• [Work instructions] In the records that follow, find the line with "pose proof (hnorm_triangle"; from there, retype every line exactly through the line with "Rsqr_incr_0_var; [|apply sqrt_pos].", which also belongs to the answer.

(Dataset records)
- - - - -

Lemma pick_best_final best x y lx ly :
  cand_valid k f best -> (forall e', cand_dominates k f best e') ->
  sweep_inv k alpha f (x, y, lx, ly) [::] ->
  let r := qrun f (pick_best R (trim k x lx)
             (trim k y ly :: if best is Some (_, d, e) then [:: uvec e d] else [::])) in
  [/\ feasible k r.1, forall o, feasible k o -> f o / ratio <= f r.1 & (r.2 <= 3)%N].
Proof.
move=> bval bdom sw; cbv zeta; set cands := (trim k y ly :: _).
have feas c : c \in trim k x lx :: cands -> feasible k c.
  rewrite !in_cons => /orP[/eqP-> | /orP[/eqP-> | ]]; try exact: trim_feasible.
  case: best bval {bdom cands} => [[[r d] e]|] bval //.
  by rewrite inE => /eqP ->; have [_ hd] := bval _ _ _ erefl; apply: feasible_uvec.
have [/feas hz1 hz2 hz3 ->] := pick_bestP f (trim k x lx) cands.
split=> //; last by rewrite /cands; case: (best) => [[[? ?] ?]|].
move=> o; apply: FastDrSub_bound (f_ge0 _) sw _ _ => [i|].
  have [r [d [e [hbest hr]]]] := bdom i.
  have [hr' _] := bval _ _ _ hbest; rewrite hr' in hr; apply: le_trans hr (hz3 _ _).
  by rewrite /cands hbest !inE eqxx orbT.
by split=> //; apply: hz3; rewrite mem_head.
Qed.

Lemma FastDrSub_spec : let res := qrun f (FastDrSub n k alpha) in
  [/\ feasible k res.1,
      forall o, feasible k o -> f o / ratio <= f res.1
    & (res.2 <= 13 * n.+1 * J)%N].
Proof.
rewrite /FastDrSub qrun_bind; cbv beta; rewrite qrun_bind.
have [bval bdom] := step1_spec f_ge0 fDR k_gt0 alpha_gt0 alpha_lt1.
have c1 := step1_queries k alpha f.
set sweep := qfoldl (step3 k alpha) (0, 0, [::], [::]) (enum 'I_n).
have sw : sweep_inv k alpha f (qrun f sweep).1 [::].
  exact: qfoldl_ind (sweep_inv_step f_ge0 fDR k_gt0) _ _ (sweep_inv0 k alpha f_ge0).
have c3 := qfoldl_queries (step3_queries f k_gt0 alpha_gt0 alpha_lt1) (enum 'I_n)
  (0, 0, [::], [::]).
rewrite size_enum_ord -/sweep in c3.
move: (qrun f (step1 n k alpha)) bval bdom c1 => [best cb] bval bdom c1.
move: (qrun f sweep) sw c3 => [[[[x y] lx] ly] cs] sw c3.
move: bval bdom c1 sw c3; cbv beta iota zeta delta [fst snd] => bval bdom c1 sw c3.
have := pick_best_final bval bdom sw.
move: (qrun f (pick_best R _ _)) => [z cp] /= [hfeas happrox hcp].
by split=> //; nia.
Qed.

End Approximation.

Lemma ratio_at_sqrt2 (R : realType) (alpha : R) :
  alpha = (2%:R * Num.sqrt 2%:R - 1) / 7%:R ->
  1 / (8%:R * ((2%:R - alpha) / (1 - alpha)) + 1 / alpha)
  = 1 / (17%:R + 4%:R * Num.sqrt 2%:R).
Proof.
set s := Num.sqrt 2%:R => ha.
have s2 : s * s = 2%:R by rewrite -expr2 sqr_sqrtr // ler0n.
have s_gt1 : 1 < s by have := sqrtr_ge0 (2%:R : R); rewrite -/s; nra.
have a_gt0 : 0 < alpha by rewrite ha divr_gt0 ?ltr0n //; lra.
have a_lt1 : alpha < 1 by rewrite ha ltr_pdivrMr ?ltr0n // mul1r; nra.
have a_neq0 : alpha != 0 by rewrite gt_eqF.
have a1_neq0 : 1 - alpha != 0 by rewrite subr_eq0 eq_sym lt_eqF.
have inv_alpha : 1 / alpha = 2%:R * s + 1.
  apply: (mulfI a_neq0); rewrite mulrC divfK // ha.
  have -> : (2%:R * s - 1) / 7%:R * (2%:R * s + 1)
            = 1 + 4%:R / 7%:R * (s * s - 2%:R) :> R by field.
  by rewrite s2 subrr mulr0 addr0.
have rho : (2%:R - alpha) / (1 - alpha) = 2%:R + s / 4%:R.
  apply: (mulIf a1_neq0); rewrite divfK // ha.
  have -> : (2%:R + s / 4%:R) * (1 - (2%:R * s - 1) / 7%:R)
            = 2%:R - (2%:R * s - 1) / 7%:R - 1 / 14%:R * (s * s - 2%:R) :> R by field.
  by rewrite s2 subrr mulr0 subr0.
by rewrite inv_alpha rho; congr (1 / _); field.
Qed.

Unset Implicit Arguments.
Lemma rsum_Cauchy (a : nat -> R) :
  ex_series a -> forall eps, 0 < eps -> exists N, forall n m, (N <= n)%nat -> (N <= m)%nat ->
    Rabs (rsum a n - rsum a m) < eps.
Proof.
  intros [l Hl] eps He.
  destruct (proj1 (is_series_R_eps a l) Hl (eps/2)) as [M HM]. lra.
  exists (S M). intros n m Hn Hm.
  destruct n. lia. destruct m. lia.
  rewrite <- !sum_n_rsum. pose proof (HM n ltac:(lia)) as Hn'. pose proof (HM m ltac:(lia)) as Hm'.
  apply Rabs_def2 in Hn'. apply Rabs_def2 in Hm'. apply Rabs_def1; lra.
Qed.


Lemma rsum_le f g n : (forall j, (j < n)%nat -> f j <= g j) -> rsum f n <= rsum g n.
Proof.
  intro Hfg. induction n; simpl; [lra|].
  pose proof (Hfg n ltac:(lia)). pose proof (IHn ltac:(intros; apply Hfg; lia)). lra.
Qed.

Lemma rsum_tail (f : nat -> R) N M : (N <= M)%nat ->
  rsum (fun n => if Nat.leb N n then f n else 0) M = rsum f M - rsum f N.
Proof.
  intro HNM. induction HNM.
  - rewrite (rsum_ext _ (fun _ => 0)). clear. induction N; simpl; lra.
    intros j Hj. replace (Nat.leb N j) with false by (symmetry; apply Nat.leb_gt; lia). auto.
  - simpl. rewrite IHHNM. replace (Nat.leb N m) with true by (symmetry; apply Nat.leb_le; lia). ring.
Qed.

Lemma hnorm_orthonormal_le1 (H : Hilbert) (e : nat -> H) : orthonormal H e -> forall m, hnorm H (e m) <= 1.
Proof.
  intros HO m. destruct (HO (S m)) as [_ Hn]. destruct (Hn m ltac:(lia)) as [Z|U].
  - rewrite Z, hnorm_zero. lra.
  - unfold hnorm. rewrite U. simpl. rewrite sqrt_1. lra.
Qed.

Section Synthesis.
Variables (H : Hilbert) (e : nat -> H) (x : nat -> C).
Hypotheses (He : orthonormal H e) (Hx : ex_series (fun n => Cmod (x n) ^ 2)).

Definition synthesis (N : nat) : H := hsum H (fun n => scal (x n) (e n)) N.

Lemma hnorm_synthesis_le (c : nat -> C) M :
  hnorm H (hsum H (fun n => scal (c n) (e n)) M) ^ 2 <= rsum (fun n => Cmod (c n) ^ 2) M.
Proof.
  destruct (He M) as [Ho Hn].
  set (z := hsum H (fun n => scal (c n) (e n)) M).
  assert (Hz : forall j, (j < M)%nat -> hinner H (e j) z = Cmult (Cconj (c j)) (hinner H (e j) (e j))).
  { intros j Hj. unfold z. rewrite hinner_hsum_r, (csum_single _ M j Hj), hinner_scalr; auto.
    intros i Hi Hij. rewrite hinner_scalr, Ho; auto. ring. }
  rewrite hnorm_sq. unfold z at 1. rewrite hinner_hsum_l, csum_re. apply rsum_le.
  intros j Hj. rewrite hinner_scall, Hz, Cmod2_alt by auto.
  destruct (Hn j Hj) as [Z|U].
  - rewrite Z, hinner_zero_l. destruct (c j). simpl. nra.
  - rewrite U. destruct (c j). simpl. nra.
Qed.

Lemma synthesis_minus N M : (N <= M)%nat -> minus (synthesis M) (synthesis N) =
  hsum H (fun n => scal (if Nat.leb N n then x n else RtoC 0) (e n)) M.
Proof.
  intro HNM.
  assert (E1 : synthesis M = plus (hsum H (fun n => scal (if Nat.ltb n N then x n else RtoC 0) (e n)) M)
                        (hsum H (fun n => scal (if Nat.leb N n then x n else RtoC 0) (e n)) M)).
  { unfold synthesis. rewrite <- hsum_plus. apply hsum_ext. intros j _.
    rewrite <- hscal_distr_r. f_equal.
    destruct (Nat.ltb_spec j N); destruct (Nat.leb_spec N j); try lia; ring. }
  assert (E2 : hsum H (fun n => scal (if Nat.ltb n N then x n else RtoC 0) (e n)) M = synthesis N).
  { rewrite (hsum_extend H _ N M HNM).
    - unfold synthesis. apply hsum_ext. intros j Hj. apply Nat.ltb_lt in Hj. rewrite Hj. auto.
    - intros j Hj. replace (Nat.ltb j N) with false by (symmetry; apply Nat.ltb_ge; lia).
      apply hscal_zero_l. }
  rewrite E1, E2. apply minus_plus_cancel_l.
Qed.

Lemma synthesis_Cauchy : forall eps, 0 < eps -> exists N : nat, forall m n, (N <= m)%nat -> (N <= n)%nat ->
  sqrt (Re (hinner H (minus (synthesis m) (synthesis n)) (minus (synthesis m) (synthesis n)))) < eps.
Proof.
  set (ax := fun n => Cmod (x n) ^ 2).
  assert (Hdn : forall N M, (N <= M)%nat ->
            hnorm H (minus (synthesis M) (synthesis N)) ^ 2 <= rsum ax M - rsum ax N).
  { intros N M HNM. rewrite synthesis_minus by auto. eapply Rle_trans. apply hnorm_synthesis_le.
    rewrite <- rsum_tail by auto. apply rsum_le. intros j _. unfold ax.
    destruct (Nat.leb N j). lra. rewrite Cmod_0. simpl. lra. }
  intros eps He'. destruct (rsum_Cauchy ax Hx (eps ^ 2)) as [N HN]. apply pow_lt; lra.
  exists N. intros m n Hm Hn. fold (hnorm H (minus (synthesis m) (synthesis n))).
  assert (hnorm H (minus (synthesis m) (synthesis n)) ^ 2 < eps ^ 2).
  { pose proof (HN m n Hm Hn) as Hmn. apply Rabs_def2 in Hmn.
    destruct (Nat.le_ge_cases n m) as [Hnm|Hmn'].
    - pose proof (Hdn n m Hnm). lra.
    - rewrite hnorm_minus_sym. pose proof (Hdn m n Hmn'). lra. }
  pose proof (hnorm_ge0 H (minus (synthesis m) (synthesis n))). nra.
Qed.

Lemma synthesis_limit : exists l : H,
  (forall eps, 0 < eps -> exists N : nat, forall n, (N <= n)%nat ->
     hnorm H (minus (synthesis n) l) < eps) /\
  hnorm H l ^ 2 <= Series (fun n => Cmod (x n) ^ 2).
Proof.
  destruct (hcomplete H synthesis synthesis_Cauchy) as [l Hl].
  set (Sx := Series (fun n => Cmod (x n) ^ 2)).
  assert (HgN : forall N, hnorm H (synthesis N) ^ 2 <= Sx).
  { intro N. eapply Rle_trans. apply hnorm_synthesis_le.
    apply rsum_le_Series; auto. intro; apply pow2_ge_0. }
  assert (HSx : 0 <= Sx) by (pose proof (HgN O); pose proof (pow2_ge_0 (hnorm H (synthesis O))); lra).
  exists l. split; [exact Hl|].
  assert (hnorm H l <= sqrt Sx).
  { apply Rnot_lt_le. intro Hlt.
    destruct (Hl (hnorm H l - sqrt Sx)) as [N HN]. lra.
    specialize (HN N (le_n N)). fold (hnorm H (minus (synthesis N) l)) in HN.
    pose proof (hnorm_triangle H (synthesis N) (minus l (synthesis N))) as T.
    rewrite plus_minus_cancel, hnorm_minus_sym in T.
    assert (hnorm H (synthesis N) <= sqrt Sx).
    { apply Rsqr_incr_0_var; [|apply sqrt_pos].
      unfold Rsqr. rewrite sqrt_sqrt by auto. pose proof (HgN N). lra. }
    lra. }
  pose proof (hnorm_ge0 H l). assert (Hp : hnorm H l ^ 2 <= sqrt Sx ^ 2) by (apply pow_incr; lra).
  rewrite pow2_sqrt in Hp by auto. auto.
Qed.

End Synthesis.

Section OperatorMatrix.
Variables (E F : Hilbert) (ee : nat -> E) (ff : nat -> F) (T : F -> E).
Hypotheses (Hee : orthonormal E ee) (Hff : orthonormal F ff) (HT : Clinear F E T)
  (HTb : forall x, hnorm E (T x) <= hnorm F x).

Lemma linear_zero : T zero = zero.
Proof. destruct HT as [_ Hs]. rewrite <- (hscal_zero_l F zero), Hs. apply hscal_zero_l. Qed.

Lemma linear_hsum f n : T (hsum F f n) = hsum E (fun j => T (f j)) n.
Proof. induction n; simpl. apply linear_zero. destruct HT as [Ha _]. rewrite Ha, IHn. auto. Qed.

Lemma linear_minus x y : T (minus x y) = minus (T x) (T y).
Proof.
  destruct HT as [Ha Hs]. unfold minus. rewrite Ha.
  rewrite <- (scal_opp_one (K:=C_Ring) y), Hs. rewrite (scal_opp_one (K:=C_Ring)). auto.
Qed.
(* In the setting of the half-isotropic Björling construction (with data $Y_0,\hat Y_0,\psi_0,\gamma_{12}$, frame $P_1,P_2$ and the resulting functions $\mu_1,\mu_2,\rho_1,\rho_2,k_1,k_2,\gamma_{11}$ satisfying the structure equations below), let $y=[Y]$ be the resulting Willmore surface. Then $Y_0(\mathbb I)$ is a curve of umbilic points of $y$ if and only if $k_1=k_2\equiv0$ on $\mathbb I$.
   Context: Light cone model: $\mathbb R^5_1$ with $\langle x,y\rangle=-x_0y_0+\sum_{j=1}^4x_jy_j$; $\mathbb S^3$ the projectivized forward light cone. Data: $\psi_0:\mathbb I\to\mathbb S^4_1=\{\langle x,x\rangle=1\}$ non-constant real analytic; $Y_0$ a real analytic null curve with $\langle Y_0,\psi_0\rangle=\langle Y_0,\psi_0'\rangle=0$, $\langle Y_0',Y_0'\rangle=1$; $\hat Y_0$ real analytic null with $\langle\psi_0,\hat Y_0\rangle=0$, $\langle Y_0,\hat Y_0\rangle=-1$; $\gamma_{12}$ a real analytic function; unit $P_1\equiv Y_{0u}\bmod Y_0$, $P_1\perp\hat Y_0$, $P_2\perp\{\psi_0,Y_0,\hat Y_0,P_1\}$, $\det(Y_0,\hat Y_0,P_1,P_2,\psi_0)=1$; functions defined by $Y_{0u}=-\mu_1Y_0+P_1$, $\hat Y_{0u}=\mu_1\hat Y_0+\rho_1P_1+\rho_2P_2+4\gamma_{11}\psi_0$, $P_{1u}=\mu_2P_2+2k_1\psi_0+\hat Y_0+\rho_1Y_0$, $P_{2u}=-\mu_2P_1-2k_2\psi_0+\rho_2Y_0$, $\psi_{0u}=-2k_1P_1+2k_2P_2+4\gamma_{11}Y_0$. The resulting Willmore surface is the unique Willmore surface $y$ on a neighbourhood of $\mathbb I$ (coordinate $z=u+iv$) with canonical lift $Y$ ($\langle Y_z,Y_{\bar z}\rangle=\frac12$, $\langle Y_z,Y_z\rangle=0$) satisfying $Y|_{\mathbb I}=Y_0$, conformal Gauss map $\psi$ with $\psi|_{\mathbb I}=\psi_0$, and $\langle\psi_v|_{\mathbb I},\hat Y_0\rangle$ prescribed by $\gamma_{12}$. A point is umbilic if $\kappa=0$ there, where $Y_{zz}=-\frac s2Y+\kappa$ with $\kappa$ orthogonal to $Y,Y_z,Y_{\bar z},Y_{z\bar z}$. *)

From Stdlib Require Import Reals Lra.
Open Scope R_scope.

Record V5 := mkV5 { x0 : R; x1 : R; x2 : R; x3 : R; x4 : R }.

Definition comp (X : V5) (i : nat) : R :=
  match i with 0 => x0 X | 1 => x1 X | 2 => x2 X | 3 => x3 X | 4 => x4 X | _ => 0 end.

Definition vadd (X Y : V5) : V5 :=
  mkV5 (x0 X + x0 Y) (x1 X + x1 Y) (x2 X + x2 Y) (x3 X + x3 Y) (x4 X + x4 Y).
Definition vscal (a : R) (X : V5) : V5 :=
  mkV5 (a * x0 X) (a * x1 X) (a * x2 X) (a * x3 X) (a * x4 X).
Definition vzero : V5 := mkV5 0 0 0 0 0.

Definition inner (X Y : V5) : R :=
  - x0 X * x0 Y + x1 X * x1 Y + x2 X * x2 Y + x3 X * x3 Y + x4 X * x4 Y.

Fixpoint sumto (n : nat) (f : nat -> R) : R :=
  match n with O => 0 | S m => sumto m f + f m end.
Definition minor (A : nat -> nat -> R) (j : nat) : nat -> nat -> R :=
  fun i k => A (S i) (if Nat.ltb k j then k else S k).
Fixpoint det (n : nat) (A : nat -> nat -> R) : R :=
  match n with
  | O => 1
  | S m => sumto n (fun j => (-1) ^ j * A 0%nat j * det m (minor A j))
  end.
(** det(A1,...,A5) of five vectors (as rows; equal to the column version). *)
Definition det5 (A1 A2 A3 A4 A5 : V5) : R :=
  det 5 (fun i j => comp (match i with 0 => A1 | 1 => A2 | 2 => A3 | 3 => A4 | _ => A5 end) j).

(** Complexified vectors: pairs (real part, imaginary part), with the
    complex-bilinear extension of <,>, valued in pairs (Re, Im). *)
Record CV5 := mkCV5 { re : V5; im : V5 }.
Definition cinner (X Y : CV5) : R * R :=
  (inner (re X) (re Y) - inner (im X) (im Y), inner (re X) (im Y) + inner (im X) (re Y)).

Definition inI (a b t : R) : Prop := a < t < b.

Definition analytic_at (f : R -> R) (t : R) : Prop :=
  exists r, 0 < r /\ exists c : nat -> R,
    forall x, Rabs (x - t) < r -> infinite_sum (fun n => c n * (x - t) ^ n) (f x).
Definition analytic_on (a b : R) (f : R -> R) : Prop :=
  forall t, inI a b t -> analytic_at f t.
Definition vanalytic_on (a b : R) (f : R -> V5) : Prop :=
  forall i, analytic_on a b (fun x => comp (f x) i).

Definition has_deriv (a b : R) (f f' : R -> V5) : Prop :=
  forall t, inI a b t -> forall i,
    derivable_pt_lim (fun x => comp (f x) i) t (comp (f' t) i).

(** Open subsets of the (u,v)-plane, z = u + i v. *)
Definition open2 (U : R -> R -> Prop) : Prop :=
  forall u v, U u v -> exists e, 0 < e /\
    forall u' v', (u' - u) ^ 2 + (v' - v) ^ 2 < e ^ 2 -> U u' v'.

Definition has_pu (U : R -> R -> Prop) (f g : R -> R -> V5) : Prop :=
  forall u v, U u v -> forall i,
    derivable_pt_lim (fun x => comp (f x v) i) u (comp (g u v) i).
Definition has_pv (U : R -> R -> Prop) (f g : R -> R -> V5) : Prop :=
  forall u v, U u v -> forall i,
    derivable_pt_lim (fun y => comp (f u y) i) v (comp (g u v) i).

Definition smooth2 (U : R -> R -> Prop) (f : R -> R -> V5) : Prop :=
  forall i, exists D : nat -> nat -> R -> R -> R,
    (forall u v, U u v -> D 0%nat 0%nat u v = comp (f u v) i) /\
    (forall k l u v, U u v ->
       derivable_pt_lim (fun x => D k l x v) u (D (S k) l u v) /\
       derivable_pt_lim (fun y => D k l u y) v (D k (S l) u v)).

(** Complex derivatives of Y from its real partials, d/dz = (d/du - i d/dv)/2. *)
Definition Yz_of (Yu Yv : V5) : CV5 := mkCV5 (vscal (1/2) Yu) (vscal (-1/2) Yv).
Definition Yzb_of (Yu Yv : V5) : CV5 := mkCV5 (vscal (1/2) Yu) (vscal (1/2) Yv).
Definition Yzzb_of (Yuu Yvv : V5) : CV5 := mkCV5 (vscal (1/4) (vadd Yuu Yvv)) vzero.
Definition Yzz_of (Yuu Yuv Yvv : V5) : CV5 :=
  mkCV5 (vscal (1/4) (vadd Yuu (vscal (-1) Yvv))) (vscal (-1/2) Yuv).
Definition creal (X : V5) : CV5 := mkCV5 X vzero.

Definition canonical_lift (U : R -> R -> Prop) (Y Yu Yv : R -> R -> V5) : Prop :=
  forall u v, U u v ->
    inner (Y u v) (Y u v) = 0 /\
    cinner (Yz_of (Yu u v) (Yv u v)) (Yz_of (Yu u v) (Yv u v)) = (0, 0) /\
    cinner (Yz_of (Yu u v) (Yv u v)) (Yzb_of (Yu u v) (Yv u v)) = (1/2, 0).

- - - - -

• [Answer section]
    pose proof (hnorm_triangle H (synthesis N) (minus l (synthesis N))) as T.
    rewrite plus_minus_cancel, hnorm_minus_sym in T.
    assert (hnorm H (synthesis N) <= sqrt Sx).
    { apply Rsqr_incr_0_var; [|apply sqrt_pos].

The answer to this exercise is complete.